Most recent decent interior pics are of its 2016 agreed insurance valuation. Not a huge amount to write home about on the inside tbh; typical 80s grey plastic. First thing I ever get asked at a car show is "_does it still have the talking dash pal_" but the digital 'talking' dash that shall we say 'more senior' folks remember from the very earliest MG Maestros was discontinued as an option five years before MG Turbos were made.

Photos were taken in August 2016 on an overcast day, which was actually very good really because they weren't shadowy or too contrasty. Car was wearing Meguiar's Ultimate Liquid Wax, which I never fully got on with, because like most Meguiar's liquid sealants, the carrier always seem to leave a cloudy haze on the panels which needs detailer to clean off. Their paste waxes never have this problem however, and I've been a satisfied long time user of both #16 and #26

More pics so you young 'uns can revel in the 80s-ness and you not so young 'uns can, well, relive the 80s-ness:


----------



## dannyd21 (Sep 2, 2008)

This car is in amazing condition!! Only 30k miles too!! :doublesho:doublesho:doublesho


----------



## G51 NAV (Jan 14, 2007)

dannyd21 said:


> This car is in amazing condition!! Only 30k miles too!! :doublesho:doublesho:doublesho


Thanks Danny. Put on nearly another 100 miles since those photos though, so I've seen the clock read '30xxx' for the last time.


----------



## c16rkc (Apr 15, 2010)

Oh... Wow, wow, wow!

I don't visit here as frequently as I used to, but what a pleasure to stumble upon this Gem!!

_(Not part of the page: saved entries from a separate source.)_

(* Let $d$ be odd and $n\ge d+1$. Then: (i) if $n=d+1$, $C^d_n=A_n$; (ii) if $n=d+2$, $C^d_n=A_n\cap(S_{\frac{n-1}{2}}\times S_{\frac{n+1}{2}})$, where $S_{\frac{n-1}{2}}$ permutes the even indices and $S_{\frac{n+1}{2}}$ permutes the odd indices in $\{1,\dots,n\}$; (iii) if $n\ge d+3$ and $\frac{d+1}{2}$ is even, $C^d_n\cong\mathbb Z/2$; (iv) if $n\ge d+3$ and $\frac{d+1}{2}$ is odd, $C^d_n$ is trivial.
   Context: For $n\ge d+1$, let $C^d_n\subseteq S_n$ be the subgroup of permutations $\sigma$ with the following property: for all $x_1,\dots,x_n\in\mathbb R^d$ such that the $(d+1)\times n$ matrix with columns $\binom{1}{x_1},\dots,\binom{1}{x_n}$ has all maximal minors positive, the matrix with columns $\binom{1}{x_{\sigma(1)}},\dots,\binom{1}{x_{\sigma(n)}}$ also has all maximal minors positive. Equivalently, $C^d_n$ is the stabiliser, under column permutation, of the set of such positive matrices. $A_n$ is the alternating group. *)

From HB Require Import structures.
From mathcomp Require Import all_boot all_order all_algebra all_fingroup all_solvable.
From mathcomp Require Import boolp reals.
Set Implicit Arguments. Unset Strict Implicit. Unset Printing Implicit Defensive.
Import Order.TTheory GRing.Theory Num.Theory.
Local Open Scope ring_scope.

(* The (d+1) x n matrix whose j-th column is (1, x_j). Points are indexed 0..n-1. *)
Definition lift_mx (R : realType) (d n : nat) (x : 'I_n -> 'cV[R]_d) : 'M[R]_(1 + d, n) :=
  col_mx (const_mx 1) (\matrix_(i < d, j < n) x j i ord0).

Definition positive_config (R : realType) (d n : nat) (x : 'I_n -> 'cV[R]_d) : Prop :=
  forall f : 'I_(1 + d) -> 'I_n,
    (forall i j : 'I_(1 + d), (i < j)%N -> (f i < f j)%N) ->
    0 < \det (colsub f (lift_mx x)).

Definition Cdn (R : realType) (d n : nat) : {set 'S_n} :=
  [set s : 'S_n | `[< forall x : 'I_n -> 'cV[R]_d,
        positive_config x -> positive_config (fun j => x (s j)) >] ].

From HB Require Import structures.
From mathcomp Require Import all_boot all_order all_algebra all_fingroup all_solvable.
From mathcomp Require Import boolp reals.
From mathcomp Require Import zify.
Import Order.TTheory GRing.Theory Num.Theory.

Set Implicit Arguments. Unset Strict Implicit. Unset Printing Implicit Defensive.

(* A column permutation s preserves positivity iff every (d+1)-set of
   columns carries an even number of s-inversions.  On the moment curve every
   maximal minor is a Vandermonde determinant, whose sign is (-1)^(number of
   inversions); conversely the minor on the columns s o f is, up to the sign of
   the permutation sorting s o f, a minor of the original positive matrix, and
   that sign is again the inversion parity.  With k = d+1 even, the parity
   condition says that s is even when n = k; when n = k+1 it further forces
   s to preserve the parity of every index (an odd permutation would flip all
   parities, impossible on an odd number of points); and when n >= k+2 it
   forces all pairs to be inverted or none, so s is the identity or the
   reversal, which has C(k,2) = k/2 (mod 2) inversions on every k-set. *)

Lemma big_addb_const (I : finType) (A : {pred I}) (c : bool) :
  \big[addb/false]_(i in A) c = c && odd #|A|.
Proof. by rewrite big_const; elim: #|A| => [|j /= ->]; case: c. Qed.

Lemma exists_card_avoiding (T : finType) (s : seq T) j : j + size s <= #|T| ->
  exists2 V : {set T}, #|V| = j & {in V, forall v, v \notin s}.
Proof.
move=> j_le; have jA : j <= #|~: [set v in s]|.
  have : #|[set v in s]| <= size s by rewrite cardsE card_size.
  have := cardsC [set v in s]; lia.
exists [set v in take j (enum (~: [set v in s]))]; last first.
  by move=> v; rewrite inE => /mem_take; rewrite mem_enum !inE.
by rewrite cardsE (card_uniqP _) ?take_uniq ?enum_uniq // size_takel // -cardE.
Qed.

Lemma odd_bin2 k : odd 'C(k, 2) = odd k./2.
Proof.
rewrite bin2 -{1 2}(odd_double_half k); case: (odd k); rewrite ?add1n ?add0n.
  by rewrite succnK -doubleMr doubleK oddM oddS odd_double.
rewrite -doubleMl doubleK oddM; case: k./2 => [//|m].
by rewrite doubleS /= odd_double andbT.
Qed.

Lemma big_addb_ltn n m : \big[addb/false]_(u < n) (m < u) = odd (n - m.+1).
Proof.
elim: n => [|n IH]; first by rewrite big_ord0.
rewrite big_ord_recr /= IH; case: (ltnP m n) => mn.
  have -> : n.+1 - m.+1 = (n - m.+1).+1 by lia.
  by rewrite /= addbT.
by have [-> ->] : n.+1 - m.+1 = 0 /\ n - m.+1 = 0 by split; lia.
Qed.

Lemma perm_parity_fixed n (s : 'S_n) : odd n -> exists i, odd (s i) = odd i.
Proof.
move=> n_odd; have : ~~ [forall i, odd (s i) != odd i].
  apply/forallP => flip.
  have sum_flip : \sum_(i < n) (odd (s i) + odd i) = n.
    rewrite -[RHS]card_ord -sum1_card; apply: eq_bigr => i _.
    by move/negbTE: (flip i); case: odd; case: odd.
  have sum_s : \sum_(i < n) odd (s i) = \sum_(i < n) odd i.
    by rewrite (reindex_inj (@perm_inj _ s^-1)) /=; apply: eq_bigr => i _; rewrite permKV.
  by move: n_odd; rewrite -sum_flip big_split /= sum_s addnn odd_double.
by rewrite negb_forall => /existsP[i /negPn/eqP]; exists i.
Qed.

Section IncreasingMaps.
Variables (m n : nat) (f : 'I_m -> 'I_n).
Hypothesis f_incr : {homo f : i j / i < j}.

Lemma homo_ltn_ord_leq (i : 'I_m) : i <= f i.
Proof.
case: i => i; elim: i => [//|i IH] lt_i_m.
have := @f_incr (Ordinal (ltnW lt_i_m)) (Ordinal lt_i_m) (ltnSn i).
by have := IH (ltnW lt_i_m); rewrite /=; lia.
Qed.

Lemma homo_ltn_ord_inj : injective f.
Proof. exact: inc_inj (le_mono f_incr). Qed.

Lemma homo_ltn_ord_mono : {mono f : i j / i < j}.
Proof. exact: leW_mono (le_mono f_incr). Qed.

End IncreasingMaps.

Lemma homo_ltn_ord_id n (f : 'I_n -> 'I_n) : {homo f : i j / i < j} -> f =1 id.
Proof.
move=> f_incr i; apply: val_inj => /=; have := homo_ltn_ord_leq f_incr i.
have rev_incr : {homo (fun j => rev_ord (f (rev_ord j))) : j j' / j < j'}.
  move=> j j' jj' /=; have : rev_ord j' < rev_ord j by rewrite /=; have := ltn_ord j'; lia.
  by move/f_incr; have := ltn_ord (f (rev_ord j)); lia.
have := homo_ltn_ord_leq rev_incr (rev_ord i); rewrite /= rev_ordK.
have := ltn_ord i; have := ltn_ord (f i); lia.
Qed.

Lemma sort_ord_inj m n (h : 'I_m -> 'I_n) : injective h ->
  exists g : 'I_m -> 'I_n, exists2 p : 'S_m, {homo g : i j / i < j} & h =1 g \o p.
Proof.
move=> h_inj; pose rank a := #|[set b | h b < h a]|.
have rank_lt a : rank a < m.
  rewrite -[m]card_ord -cardsT; apply/proper_card/properP; split; first exact: subsetT.
  by exists a; rewrite ?inE ?ltnn.
have rank_homo a b : h a < h b -> rank a < rank b.
  move=> hab; apply/proper_card/properP; split; last by exists a; rewrite !inE ?ltnn.
  by apply/subsetP => c; rewrite !inE => /ltn_trans; apply.
have rank_inj : injective (fun a => Ordinal (rank_lt a)).
  move=> a b /(congr1 val) /= rab; apply/h_inj/val_inj/eqP.
  by case: ltngtP => // /rank_homo; rewrite rab ltnn.
pose p := perm rank_inj; exists (h \o p^-1)%g; exists p => [i j ij /=|a /=]; last by rewrite permK.
have rank_pV k : rank (p^-1 k)%g = k by have := congr1 val (permKV p k); rewrite permE.
case: ltngtP => // [/rank_homo|/val_inj/h_inj/perm_inj eij]; last by rewrite eij ltnn in ij.
by rewrite !rank_pV ltnNge ltnW.
Qed.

I remember you from the Meguiars days John, back when I had the Daimler. NovalutionGSI from the Megs forum actually works at the same company as me now. I'm trying to remember the other members, I think there was a Howie (the chap with the Mazda) and a few other regulars.

It was such a shame the Meguiars forum closed down, but this one is so much more popular.

Your car is looking stunning John, I cannot believe you still have it. Your work is a real testament to you and I take my hat off to your dedication and hard work!!!


----------



## Stoner (Jun 25, 2010)

You are right to be proud - a classic car in concours condition. Lovely. :buffer:


----------